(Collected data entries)
(* Take a Moore-Penrose dagger category $(\mathbb{X}, \dagger)$ with a \dag-positive map $\begin{bmatrix} \alpha & \beta \\ \beta^\dagger & \delta \end{bmatrix}$ such that $\alpha$ is an isomorphism. Then $\beta^\dagger \circ \alpha^{-1}$ is its unique conditional generator. Therefore, for every object $X \in \mathbb{X}$, if $F= \left( \begin{bmatrix} f \\ g \end{bmatrix}, \begin{bmatrix} \alpha & \beta \\ \beta^\dagger & \delta \end{bmatrix}, \begin{bmatrix} s \\ t \end{bmatrix} \right)$ is a map in $\mathfrak{G}\left[ (\mathbb{X}, \dagger) \right]_X$, then $F\vert_B = \left( \begin{bmatrix} \beta^\dagger \circ \alpha^\circ & g - \beta^\dagger \circ \alpha^\circ \circ f \end{bmatrix}, \delta - \beta^\dagger \circ \alpha^\circ \circ \beta, t - \beta^\dagger \circ \alpha^\circ \circ s \right)$ is its unique conditional.
   Context: Here $(\mathbb{X}, \dagger)$ is a dagger additive category (a dagger category enriched in abelian groups with additive dagger and finite biproducts satisfying $\pi_j^\dagger = \iota_j$; maps between biproducts are written as matrices, the dagger acting as conjugate transpose) in which every map $f$ has a Moore-Penrose inverse $f^\circ$, i.e. $f \circ f^\circ \circ f = f$, $f^\circ \circ f \circ f^\circ = f^\circ$, $(f \circ f^\circ)^\dagger = f \circ f^\circ$, $(f^\circ \circ f)^\dagger = f^\circ \circ f$. A map $p$ is $\dagger$-positive if $p = \phi^\dagger \circ \phi$ for some $\phi$. The map $\begin{bmatrix} \alpha & \beta \\ \beta^\dagger & \delta \end{bmatrix}: B \oplus C \to B \oplus C$ has $\alpha: B \to B$, $\beta: C \to B$, $\delta: C \to C$. A conditional generator for it is a map $m: B \to C$ with $m \circ \alpha = \beta^\dagger$ and $\delta - m \circ \beta$ $\dagger$-positive. For an object $X$, the Gauss construction $\mathfrak{G}\left[ (\mathbb{X}, \dagger) \right]_X$ is the Markov category with the objects of $\mathbb{X}$, maps $A \to B$ the triples $(f,p,x)$ with $f: A \to B$, $p: B \to B$ $\dagger$-positive, $x: X \to B$; identities $\mathsf{Id}_A = (\mathsf{id}_A,0,0)$; composition $(g,q,y) \circ (f,p,x) = (g \circ f, q + g \circ p \circ g^\dagger, y + g \circ x)$; $A \otimes B = A \oplus B$, $(f,p,x) \otimes (g,q,y) = \left(f \oplus g, p \oplus q, \begin{bmatrix} x \\ y \end{bmatrix}\right)$; copy $\mathsf{copy}_A = \left(\begin{bmatrix} \mathsf{id}_A \\ \mathsf{id}_A \end{bmatrix}, 0, 0\right)$, delete $\mathsf{del}_A = (0,0,0): A \to \mathsf{0}$. In $F: A \to B \otimes C$, $f: A \to B$, $g: A \to C$, $s: X \to B$, $t: X \to C$. A map $G: B \otimes A \to C$ is a conditional of $F$ if $(\mathsf{Id}_B \otimes G) \circ (\mathsf{copy}_B \otimes \mathsf{Id}_A) \circ (\mathsf{Id}_B \otimes \mathsf{del}_C \otimes \mathsf{Id}_A) \circ (F \otimes \mathsf{Id}_A) \circ \mathsf{copy}_A = F$. *)

From HB Require Import structures.
From mathcomp Require Import all_boot all_algebra.
Set Implicit Arguments. Unset Strict Implicit. Unset Printing Implicit Defensive.
Import GRing.Theory.
Local Open Scope ring_scope.

Record MPDagCat := {
  Ob : Type;
  Hm : Ob -> Ob -> zmodType;
  idm : forall A, Hm A A;
  comp : forall A B C, Hm B C -> Hm A B -> Hm A C;
  compA : forall A B C D (h : Hm C D) (g : Hm B C) (f : Hm A B),
      comp h (comp g f) = comp (comp h g) f;
  comp1m : forall A B (f : Hm A B), comp (idm B) f = f;
  compm1 : forall A B (f : Hm A B), comp f (idm A) = f;
  compDl : forall A B C (g1 g2 : Hm B C) (f : Hm A B),
      comp (g1 + g2) f = comp g1 f + comp g2 f;
  compDr : forall A B C (g : Hm B C) (f1 f2 : Hm A B),
      comp g (f1 + f2) = comp g f1 + comp g f2;
  dag : forall A B, Hm A B -> Hm B A;
  dagK : forall A B (f : Hm A B), dag (dag f) = f;
  dag_id : forall A, dag (idm A) = idm A;
  dag_comp : forall A B C (g : Hm B C) (f : Hm A B),
      dag (comp g f) = comp (dag f) (dag g);
  dagD : forall A B (f g : Hm A B), dag (f + g) = dag f + dag g;
  zo : Ob;
  zo_id : idm zo = 0;
  bp : Ob -> Ob -> Ob;
  p1 : forall A B, Hm (bp A B) A;
  p2 : forall A B, Hm (bp A B) B;
  i1 : forall A B, Hm A (bp A B);
  i2 : forall A B, Hm B (bp A B);
  p1i1 : forall A B, comp (p1 A B) (i1 A B) = idm A;
  p2i2 : forall A B, comp (p2 A B) (i2 A B) = idm B;
  p1i2 : forall A B, comp (p1 A B) (i2 A B) = 0;
  p2i1 : forall A B, comp (p2 A B) (i1 A B) = 0;
  bp_id : forall A B,
      comp (i1 A B) (p1 A B) + comp (i2 A B) (p2 A B) = idm (bp A B);
  dag_p1 : forall A B, dag (p1 A B) = i1 A B;
  dag_p2 : forall A B, dag (p2 A B) = i2 A B;
  mp : forall A B, Hm A B -> Hm B A;
  mp1 : forall A B (f : Hm A B), comp f (comp (mp f) f) = f;
  mp2 : forall A B (f : Hm A B), comp (mp f) (comp f (mp f)) = mp f;
  mp3 : forall A B (f : Hm A B), dag (comp f (mp f)) = comp f (mp f);
  mp4 : forall A B (f : Hm A B), dag (comp (mp f) f) = comp (mp f) f
}.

▶ ASSIGNED TASK
Among the lines above, find those holding "From" and copy each one.

▶ REPLY TO THE TASK
From HB Require Import structures.
From mathcomp Require Import all_boot all_algebra.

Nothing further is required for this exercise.